Jay: You mean non-gaming? In gaming, we’ve seen probably the best returns from the slot-focused ads. We’ve tried poker, we’ve tried bingo, we’ve tried slots, we’ve tried pretty much everything. Slots seems to be, at least for us, the one that gave us the biggest bang for the buck. We focus solely on the American market, on the U.S. side, so I don’t know what holds true for other countries, but over here, slots was big for us. The advertisers that we worked with, I thought that Best Gaming Partner was pretty good, we worked with them for a long time. Best [inaudible 18:26] yes, yes. They were good. Things kind of fell apart there after a while, but overall we started out with them and it was a pretty good experience. We also pretty good experience with the guys that run the Cool-Cat Casino. I forget their name off the top of my head.

Jay: They were good, and Doyle’s Room. We liked them, too. Of course, that was before everything kind of fell apart. Yeah, and Bet U.S. was also a great partner, they always treated us well, we had a really good response. Once again, they’re a company that has kind of bowed out of the market that we’ve operated in, but [inaudible 19:11] how helpful that is here.

Warren: I think that gives people an idea. What types of volumes were you doing in terms of depositors, do you recall?

Jay: I’m sorry, I didn’t hear that.

Warren: How many depositing players per month were you able to deliver through your email?

Jay: At the peak, we were doing a few hundred a month on the slot side. It was harder to get depositors on the other properties. I thought that bingo was probably our weakest one for the U.S. market, but I’d say at our peak, a few hundred a month, sometimes going over 1000 to 1500 a month. That sounds about right. That’s changed a lot, obviously.

Warren: Are you still, data-wise and your business, are you still pretty much focused on the U.S.? Now I know you’re obviously mostly outside of gaming, if not completely, but are you doing any international business?

Jay: We have a data center that’s overseas, and we do some mailing from there, but our focus is on the U.S. market. We’ve mailed outside the country, but we seem to get the best bang for our buck here, so that’s where we tend to focus.

Warren: I know it’s been small volumes, but what have been the markets outside the U.S. that you’ve tried to email to?

Jay: We’ve done the U.K., we did Germany, we did some South American, just based on the data that our partners were offering to us, so we tested them out. We lack some localization skills, so to send out email advertisements in languages that we don’t really work with can be a challenge.

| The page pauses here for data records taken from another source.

(* minimal cardinality of a generating set of C(E); only finite generating
   sets can be minimal, so finite ones (duplicate-free sequences) suffice *)
Definition trank n (E : 'M[R]_n) (r : nat) : Prop :=
  (exists s : seq 'cV[R]_n,
      uniq s /\ size s = r /\ generates (fun v => v \in s) (colspace E)) /\
  (forall s : seq 'cV[R]_n,
      uniq s -> generates (fun v => v \in s) (colspace E) -> (r <= size s)%N).

(* closed path x :: s = [i_0; ...; i_{l-1}] with edges i_t -> i_{t+1 mod l};
   the edge j -> i has weight A i j *)
Definition cyc_weight n (A : 'M[R]_n) (x : 'I_n) (s : seq 'I_n) : R :=
  let p := x :: s in let l := size p in
  \sum_(t < l) A (nth x p (t.+1 %% l)) (nth x p t).
Definition cyc_mean n (A : 'M[R]_n) (x : 'I_n) (s : seq 'I_n) : R :=
  cyc_weight A x s / (size (x :: s))%:R.

Definition is_max_cycle_mean n (A : 'M[R]_n) (m : R) : Prop :=
  (exists x s, cyc_mean A x s = m) /\ (forall x s, cyc_mean A x s <= m).

Definition crit_cycle n (A : 'M[R]_n) (x : 'I_n) (s : seq 'I_n) : Prop :=
  exists m, is_max_cycle_mean A m /\ cyc_mean A x s = m.

Definition crit_node n (A : 'M[R]_n) (i : 'I_n) : Prop :=
  exists x s, crit_cycle A x s /\ i \in x :: s.

Definition crit_edge n (A : 'M[R]_n) (j i : 'I_n) : Prop :=
  exists x s, crit_cycle A x s /\
    exists t, (t < size (x :: s))%N /\ nth x (x :: s) t = j /\
              nth x (x :: s) (t.+1 %% size (x :: s)) = i.

Definition crit_walk n (A : 'M[R]_n) (x : 'I_n) (s : seq 'I_n) : Prop :=
  forall t, (t < size s)%N -> crit_edge A (nth x (x :: s) t) (nth x s t).

Definition same_crit_class n (A : 'M[R]_n) (i j : 'I_n) : Prop :=
  crit_node A i /\ crit_node A j /\
  (exists s, crit_walk A i s /\ last i s = j) /\
  (exists s, crit_walk A j s /\ last j s = i).

Definition crit_class_reps n k (A : 'M[R]_n) (c : 'I_k -> 'I_n) : Prop :=
  (forall a, crit_node A (c a)) /\
  (forall a b, same_crit_class A (c a) (c b) -> a = b) /\
  (forall i, crit_node A i -> exists a, same_crit_class A i (c a)).

Definition selmx n k (c : 'I_k -> 'I_n) : 'M[\bar R]_(k, n) :=
  \matrix_(a, j) (if j == c a then 0%E else -oo%E).

Definition submx_c n k (c : 'I_k -> 'I_n) (A : 'M[R]_n) : 'M[R]_k :=
  \matrix_(a, b) A (c a) (c b).

End Tropical.

From HB Require Import structures.
From mathcomp Require Import all_boot all_order all_algebra.
From mathcomp Require Import reals constructive_ereal.
From mathcomp Require Import lra.
Import Order.TTheory GRing.Theory Num.Theory.
Local Open Scope ring_scope.
Set Implicit Arguments. Unset Strict Implicit. Unset Printing Implicit Defensive.

(* Idempotency gives E_il + E_lj <= E_ij, and with the zero diagonal every
   closed path has weight <= 0.  So the maximum cycle mean is 0, every node is
   critical, and i, j lie in the same critical class iff E_ij + E_ji = 0.
   Consequently a max-plus product A (x) B with A (x) E = A and E (x) B = B
   may be computed through the representatives only:
   (A (x) B)_xy = max_a A_{x c_a} + B_{c_a y}.  This makes phi multiplicative
   and injective on the H-class of E, and G |-> E[.,c] (x) G (x) E[c,.] is an
   inverse on the H-class of F.  The columns of F are pairwise
   non-proportional and each is an extremal of C(F) (it is the least element
   of C(F) that is 0 at its index), so every generating set of C(F) contains
   a shift of each of them: rank F = k. *)

Section MaxPlus.
Variable R : realType.

Lemma bigmaxe_seqP (I : eqType) (s : seq I) (f : I -> R) :
  (forall i, i \in s -> ((f i)%:E <= \big[Order.max/-oo%E]_(j <- s) (f j)%:E)%E) /\
  (s = [::] \/
   exists2 i, i \in s & \big[Order.max/-oo%E]_(j <- s) (f j)%:E = (f i)%:E).
Proof.
elim: s => [|a s [IH1 IH2]]; first by split=> //; left.
rewrite big_cons; split.
  move=> i; rewrite inE => /predU1P[->|/IH1 H]; first by rewrite le_max lexx.
  by rewrite le_max H orbT.
right; case: IH2 => [->|[j js ->]].
  by exists a; rewrite ?inE ?eqxx // big_nil maxeNy.
have [H|H] := leP (f a)%:E (f j)%:E.
  by exists j; rewrite // inE js orbT.
by exists a; rewrite // inE eqxx.
Qed.

(* [rmax] over an empty type is the junk value 0. *)
Definition rmax (I : finType) (f : I -> R) : R :=
  fine (\big[Order.max/-oo%E]_(i : I) (f i)%:E).

Lemma rmaxP (I : finType) (i0 : I) (f : I -> R) :
  (forall i, f i <= rmax f) /\ exists i, rmax f = f i.
Proof.
have [H1 [Hs|[j _ Hj]]] := bigmaxe_seqP (index_enum I) f.
  by have := mem_index_enum i0; rewrite Hs.
rewrite /rmax Hj /=; split; last by exists j.
by move=> i; have := H1 i (mem_index_enum i); rewrite Hj lee_fin.
Qed.

Lemma rmax_eq (I : finType) (f : I -> R) m :
  (forall i, f i <= m) -> (exists i, m = f i) -> rmax f = m.
Proof.
move=> H1 [i Hi]; have [H2 [j Hj]] := rmaxP i f.
by rewrite Hj; apply/le_anti; rewrite H1 /= Hi -Hj H2.
Qed.

Lemma fmulE n (A B : 'M[R]_n) i j :
  fmul A B i j = rmax (fun l => A i l + B l j).
Proof.
by rewrite /fmul /rmax !mxE; congr fine; apply: eq_bigr => l _; rewrite !mxE.
Qed.

Lemma fmulP n (A B : 'M[R]_n) i j :
  (forall l, A i l + B l j <= fmul A B i j) /\
  exists l, fmul A B i j = A i l + B l j.
Proof. by rewrite fmulE; apply: rmaxP. Qed.

Lemma fmul_eq n (A B : 'M[R]_n) i j m :
  (forall l, A i l + B l j <= m) -> (exists l, m = A i l + B l j) ->
  fmul A B i j = m.
Proof. by rewrite fmulE; apply: rmax_eq. Qed.

Lemma fmulA n (A B C : 'M[R]_n) : fmul (fmul A B) C = fmul A (fmul B C).
Proof.
apply/matrixP => i j.
have ge_ABC l : fmul A B i l + C l j <= fmul A (fmul B C) i j.
  have [_ [m ->]] := fmulP A B i l.
  apply: le_trans ((fmulP A (fmul B C) i j).1 m).
  by rewrite -addrA lerD2l (fmulP B C m j).1.
apply: fmul_eq => //.
have [_ [m Hm]] := fmulP A (fmul B C) i j.
have [_ [l Hl]] := fmulP B C m j.
exists l; apply/le_anti; rewrite ge_ABC andbT Hm Hl addrA lerD2r.
exact: (fmulP A B i l).1.
Qed.

Lemma bigmaxe_only m (f : 'I_m -> \bar R) j0 :
  (forall j, j != j0 -> f j = -oo%E) -> \big[Order.max/-oo%E]_(j < m) f j = f j0.
Proof. by move=> H; rewrite (bigD1 j0) //= big1 ?maxeNy. Qed.

Lemma submx_cE n m (d : 'I_m -> 'I_n) (A : 'M[R]_n) a b :
  submx_c d A a b = A (d a) (d b).
Proof. by rewrite mxE. Qed.

Lemma tmul_selmx n m (d : 'I_m -> 'I_n) (A : 'M[R]_n) :
  tmul (tmul (selmx R d) (tembed A)) (selmx R d)^T = tembed (submx_c d A).
Proof.
apply/matrixP => a b; rewrite mxE (@bigmaxe_only _ _ (d b)); last first.
  by move=> l hl; rewrite !mxE (negbTE hl) addeNy.
rewrite !mxE eqxx adde0 (@bigmaxe_only _ _ (d a)); first by rewrite !mxE eqxx add0e.
by move=> j hj; rewrite !mxE (negbTE hj) addNye.
Qed.

Lemma sum_shift_periodic (f : nat -> R) l s : (forall t, f (t + l)%N = f t) ->
  \sum_(0 <= t < l) f (s + t)%N = \sum_(0 <= t < l) f t.
Proof.
move=> Hf; elim: s => [|s IH]; first by apply: eq_bigr => t _; rewrite add0n.
rewrite -IH {IH}; case: l Hf => [|l] Hf; first by rewrite !big_geq.
rewrite big_nat_recr // big_nat_recl //= addn0 -(Hf s) [RHS]addrC.
by congr (_ + _); [apply: eq_bigr => t _|]; rewrite addSnnS.
Qed.

Lemma greenR_intro n (P Q : 'M[R]_n) :
  (exists U, P = fmul Q U) -> (exists V, Q = fmul P V) -> greenR P Q.
Proof.
move=> [U HU] [V HV] X; split.
  by case=> [->|[Y ->]]; right; [exists U | exists (fmul U Y); rewrite HU fmulA].
by case=> [->|[Y ->]]; right; [exists V | exists (fmul V Y); rewrite HV fmulA].
Qed.

Lemma greenL_intro n (P Q : 'M[R]_n) :
  (exists U, P = fmul U Q) -> (exists V, Q = fmul V P) -> greenL P Q.
Proof.
move=> [U HU] [V HV] X; split.
  by case=> [->|[Y ->]]; right; [exists U | exists (fmul Y U); rewrite HU fmulA].
by case=> [->|[Y ->]]; right; [exists V | exists (fmul Y V); rewrite HV fmulA].
Qed.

Warren: What would you say the biggest lesson that you’ve learned? You’ve been in the business for three years, specifically as an email affiliate. What are some of the things that, if you could start over maybe you would have done differently, or just the big lessons that you’ve learned?

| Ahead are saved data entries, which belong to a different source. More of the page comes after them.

Lemma circ_cauchy_lim (a : nat -> circ R) : (forall k, cdist (a k) (a k.+1) <= geo k) ->
  exists y, forall k, cdist (a k) y <= 2 * geo k.
Proof.
move=> ha.
have /choice[d hd] k : exists d : R, `|d| = cdist (a k) (a k.+1) /\
    exists z : int, sval (a k) + d = sval (a k.+1) + 2 * pi * z%:~R.
  by have [d [z [? ?]]] := cdist_lift (a k) (a k.+1); exists d; split; last exists z.
(* a real lift of [a], moving by the shortest displacement at each step *)
pose L k := sval (a 0%N) + \sum_(i < k) d i.
have LS k : L k.+1 = L k + d k by rewrite /L big_ord_recr addrA.
have L_lift k : exists z : int, L k = sval (a k) + 2 * pi * z%:~R.
  elim: k => [|k [z Lk]]; first by exists 0; rewrite /L big_ord0 mulr0 !addr0.
  have [_ [z' hz']] := hd k; exists (z + z'); rewrite LS Lk rmorphD /=.
  set P := 2 * pi in hz' *; rewrite mulrDr; lra.
have [l hl] : exists l, forall k, `|L k - l| <= 2 * geo k.
  by apply: geo_cauchy_lim => k; rewrite LS addrC addKr (proj1 (hd k)).
exists (circ_of l) => k; apply: le_trans (hl k); have [z Lk] := L_lift k.
apply: (@cdist_le_norm_shift _ _ _ _ (z - Num.floor (l / (2 * pi)))).
rewrite circ_ofE rmorphB /=; set P := 2 * pi in Lk *; rewrite mulrBr; lra.
Qed.

End Geometric.

Section GeometricLimit.
Context {R : realType}.
Local Open Scope ereal_scope.
Implicit Types s t : nat -> circ R.

Lemma sum_cdist_le_cost s t J : (\sum_(j < J) cdist (s j) (t j))%:E <= cost s t.
Proof.
rewrite -sumEFin -(big_mkord xpredT (fun j => (cdist (s j) (t j))%:E)).
by apply: nneseries_lim_ge => j _ _; rewrite lee_fin cdist_ge0.
Qed.

Lemma cost_le_sum_bound s t (c : R) :
  (forall J, (\sum_(j < J) cdist (s j) (t j) <= c)%R) -> cost s t <= c%:E.
Proof.
move=> hc; apply: lime_le.
  by apply: is_cvg_nneseries => j _ _; rewrite lee_fin cdist_ge0.
by apply: nearW => J; rewrite sumEFin lee_fin big_mkord.
Qed.

Variable e : nat -> nat -> circ R.
Hypothesis e_step : forall k, cost (e k) (e k.+1) < (geo k)%:E.

Lemma sum_cdist_step k J : (\sum_(j < J) cdist (e k j) (e k.+1 j) <= geo k)%R.
Proof. by rewrite -lee_fin (le_trans (sum_cdist_le_cost _ _ J)) // ltW. Qed.

Lemma cdist_step k j : (cdist (e k j) (e k.+1 j) <= geo k)%R.
Proof.
apply: le_trans (sum_cdist_step k j.+1); rewrite big_ord_recr /= lerDr.
by apply: sumr_ge0 => i _; exact: cdist_ge0.
Qed.

Lemma sum_cdist_chain k n J :
  (\sum_(j < J) cdist (e k j) (e (k + n)%N j) <= 2 * geo k - 2 * geo (k + n))%R.
Proof.
elim: n => [|n IH]; first by rewrite addn0 subrr big1 // => j _; exact: cdistxx.
rewrite addnS; apply: le_trans (_ : _ <= \sum_(j < J)
  (cdist (e k j) (e (k + n)%N j) + cdist (e (k + n)%N j) (e (k + n).+1 j)))%R _.
  by apply: ler_sum => j _; exact: cdist_triangle.
rewrite big_split /=; have := sum_cdist_step (k + n) J.
by have := @geoS R (k + n); lra.
Qed.

Lemma cost_geo_lim : exists x, forall k, cost (e k) x <= (2 * geo k)%:E.
Proof.
have /choice[x hx] j : exists y, forall k, (cdist (e k j) y <= 2 * geo k)%R.
  by apply: circ_cauchy_lim => k; exact: cdist_step.
exists x => k; apply: cost_le_sum_bound => J; apply/ler_addgt0Pr => eps eps0.
have J0 : (0 < 2 * J%:R + 1 :> R)%R by rewrite ltr_wpDl // mulr_ge0.
have [n] := geo_lt (divr_gt0 eps0 J0); rewrite ltr_pdivlMr // => geo_n.
have close : (\sum_(j < J) cdist (e (k + n)%N j) (x j) <= 2 * geo (k + n) * J%:R)%R.
  apply: le_trans (_ : _ <= \sum_(j < J) 2 * geo (k + n))%R _.
    by apply: ler_sum => j _; exact: hx.
  by rewrite sumr_const card_ord mulr_natr.
have geo_kn : (geo (k + n) * J%:R <= geo n * J%:R)%R :=
  ler_wpM2r (ler0n _ _) (@geo_le_addl R k n).
apply: le_trans (_ : _ <= \sum_(j < J)
  (cdist (e k j) (e (k + n)%N j) + cdist (e (k + n)%N j) (x j)))%R _.
  by apply: ler_sum => j _; exact: cdist_triangle.
rewrite big_split /=; have := sum_cdist_chain k n J; have := @geo_gt0 R (k + n).
have := @geo_gt0 R n; lra.
Qed.

End GeometricLimit.

Section Completeness.
Context {R : realType}.
Local Open Scope ereal_scope.
Local Notation one := (@one_c R).

Lemma cauchy_geo_subseq {d : nat -> nat -> \bar R} :
  (forall eps : R, (0 < eps)%R ->
     exists N, forall m n, (N <= m)%N -> (N <= n)%N -> d m n < eps%:E) ->
  exists2 phi : nat -> nat, (forall k, phi k <= phi k.+1)%N &
    forall k m n, (phi k <= m)%N -> (phi k <= n)%N -> d m n < (geo k)%:E.
Proof.
move=> d_cauchy; have /choice[N hN] k := d_cauchy _ (@geo_gt0 R k).
exists (fun k => \sum_(i < k.+1) N i)%N => [k|k m n km kn].
  by rewrite [leqRHS]big_ord_recr leq_addr.
have Nphi : (N k <= \sum_(i < k.+1) N i)%N by rewrite big_ord_recr leq_addl.
by apply: hN; [exact: leq_trans km | exact: leq_trans kn].
Qed.

Lemma enumeration_chain {A : nat -> rigged R} {b : nat -> \bar R} {s0} :
  enumeration (A 0%N) s0 -> (forall k, rdist (A k) (A k.+1) < b k) ->
  exists2 e : nat -> nat -> circ R, forall k, enumeration (A k) (e k) &
    forall k, cost (e k) (e k.+1) < b k.
Proof.
move=> hs0 hA.
have /choice[F hF] (ks : nat * (nat -> circ R)) : exists t,
    enumeration (A ks.1) ks.2 -> enumeration (A ks.1.+1) t /\ cost ks.2 t < b ks.1.
  case: ks => k s /=; have [hs|] := pselect (enumeration (A k) s); last by exists s.
  by have [t ht st] := rdist_lt_cost hs (hA k); exists t.
pose e := fix e k := if k is k'.+1 then F (k', e k') else s0.
have he k : enumeration (A k) (e k).
  by elim: k => [|k IH] //; exact: (hF (k, e k) IH).1.
by exists e => // k; exact: (hF (k, e k) (he k)).2.
Qed.

(* The limit enumerates the coordinatewise limit of a chain of enumerations,
   padded with infinitely many copies of [one] to keep its multiplicity infinite. *)
Lemma geo_cauchy_limit (A : nat -> rigged R) :
  (forall k, A k one = Inf) -> rdist (A 0%N) (@rone R) < +oo ->
  (forall k, rdist (A k) (A k.+1) < (geo k)%:E) ->
  exists2 S, S_one S & forall k, rdist (A k) S <= (2 * geo k)%:E.
Proof.
move=> A1 A0 hA; have /ereal_inf_lt[_ [s0 [_ [hs0 _ _]]] _] := A0.
have [e he e_step] := enumeration_chain hs0 hA.
have [x hx] := cost_geo_lim _ e_step.
have hS := enumeration_mult_of (pad_one x).
have dist_S k : rdist (A k) (mult_of (pad_one x)) <= (2 * geo k)%:E.
  rewrite (le_trans (rdist_le_cost (enumeration_pad_one (A1 k) (he k)) hS)) //.
  by rewrite cost_pad_one.
exists (mult_of (pad_one x)) => //.
apply: S_one_of_rdist_rone; first exact/mult_of_infinite/infinite_fiber_pad_one.
apply: le_lt_trans (rdist_triangle _ (A 0%N) _) _; rewrite rdistC lte_add_pinfty //.
by apply: le_lt_trans (dist_S 0%N) _; rewrite ltey.
Qed.

End Completeness.

Theorem mainTheorem7 (R : realType) (u : nat -> rigged R) :
  (forall n, S_one (u n)) ->
  (forall e : R, 0 < e -> exists N : nat, forall m n : nat,
      (N <= m)%N -> (N <= n)%N -> (rdist (u m) (u n) < e%:E)%E) ->
  exists S : rigged R, S_one S /\
    (forall e : R, 0 < e -> exists N : nat, forall n : nat,
      (N <= n)%N -> (rdist (u n) S < e%:E)%E).
Proof.
move=> u_S1 u_cauchy; have [phi phiS hphi] := cauchy_geo_subseq u_cauchy.
have [S S1 dist_S] : exists2 S, S_one S & forall k,
    (rdist (u (phi k)) S <= (2 * geo k)%:E)%E.
  apply: geo_cauchy_limit => [k||k]; first by case: (u_S1 (phi k)) => -[].
    exact: (u_S1 _).2.
  by apply: hphi => //; exact: phiS.
exists S; split => // eps eps0.
have eps3 : 0 < eps / 3 by rewrite divr_gt0.
have [k] := geo_lt eps3; rewrite ltr_pdivlMr // => geo_k.
exists (phi k) => n kn; apply: le_lt_trans (rdist_triangle _ (u (phi k)) _) _.
have fin : rdist (u (phi k)) S \is a fin_num.
  by rewrite ge0_fin_numE ?rdist_ge0 // (le_lt_trans (dist_S k)) ?ltey.
apply: lt_le_trans (lte_leD fin (hphi k n (phi k) kn (leqnn _)) (dist_S k)) _.
by rewrite -EFinD lee_fin; lra.
Qed.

Jay: I think it’s really important to know the people that you’re working with; the people that are paying you, the people that you’re managing data for, to know their reputation in the industry, because this is a big industry. There are a lot of people trying to make a buck. It’s important to work with people who will deal with you ethically and honestly, and that’s kind of hard to find. I think that that alone is probably the most important thing. We’ve had our share of experiences that we don’t want to repeat, but on the flip side we’ve met people like you, and other guys that we want to work with over the long-term. I think that’s what people need to look out for.

Warren: That’s very helpful. I guess if an affiliate was looking to jump in today and start emailing in the i-gaming, online gambling space, what would be some advice you could give them?

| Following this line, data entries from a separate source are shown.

Lemma dHLt_curry n (f : cochain L M n.+1) w y : multilinear f ->
  dT (curry_cochain f) w y = dA f (rcons_ffun w y).
Proof.
move=> f_multilinear; set x := rcons_ffun w y.
have act_terms :
    \sum_(i < n.+2 | (i < n.+1)%N) (-1) ^+ i *: act (x i) (f (del i x)) =
    \sum_(i < n.+1) (-1) ^+ i *: act (w i) (f (rcons_ffun (del i w) y)).
  rewrite big_mkcond big_ord_recr /= ltnn addr0; apply: eq_bigr => i _.
  by rewrite ltn_ord widen_ord_lift_max rcons_ffun_lift del_lift_max_rcons_ffun.
have mul_terms : \sum_(i < n.+2) \sum_(j < n.+2 | (i < j)%N)
      (-1) ^+ i.+1 *: f (delmul mul i j x) =
    \sum_(i < n.+1) (-1) ^+ i.+1 *: f (rcons_ffun (del i w) (mul (w i) y)) +
    \sum_(i < n.+1) \sum_(j < n.+1 | (i < j)%N)
      (-1) ^+ i.+1 *: f (rcons_ffun (delmul mul i j w) y).
  rewrite big_ord_recr /= [X in _ + X]big_pred0 ?addr0 => [|j]; last first.
    by rewrite ltnNge -ltnS ltn_ord.
  rewrite -big_split; apply: eq_bigr => i _.
  rewrite big_mkcond big_ord_recr /= ltn_ord -big_mkcond /= addrC.
  rewrite widen_ord_lift_max delmul_max_rcons_ffun; congr (_ + _).
  by apply: eq_bigr => j _; rewrite widen_ord_lift_max delmul_lift_max_rcons_ffun.
rewrite /dHL /dHLt /ract_a scaler0 addr0 act_terms mul_terms addrA.
rewrite hom_valD !hom_val_sum; congr (_ + _).
  rewrite -big_split; apply: eq_bigr => i _.
  by rewrite hom_valZ hom_actE !curry_cochainE // scalerBr exprS mulN1r scaleNr.
apply: eq_bigr => i _; rewrite hom_val_sum; apply: eq_bigr => j _.
by rewrite hom_valZ curry_cochainE.
Qed.

Lemma dHL_uncurry n (h : cochain L Hom n) x : multilinear h ->
  dA (uncurry_cochain h) x = dT h (del ord_max x) (x ord_max).
Proof.
move=> h_multilinear; rewrite -{1}(rcons_ffun_del_max x) -dHLt_curry.
  by rewrite curry_uncurry.
exact: multilinear_uncurry.
Qed.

Jay: You know, I think it’s important to first of all, look at the CAP website. You guys review a lot of different properties, there are forums there, there’s a lot of feedback on which casinos and which gambling operations are the ones that you want to work for, and which ones might give you problems. You don’t want to just look at all the advertisements and pick the one that your intuition says might be the best one. You want to definitely go with the companies that have the best reputation over the long term, definitely.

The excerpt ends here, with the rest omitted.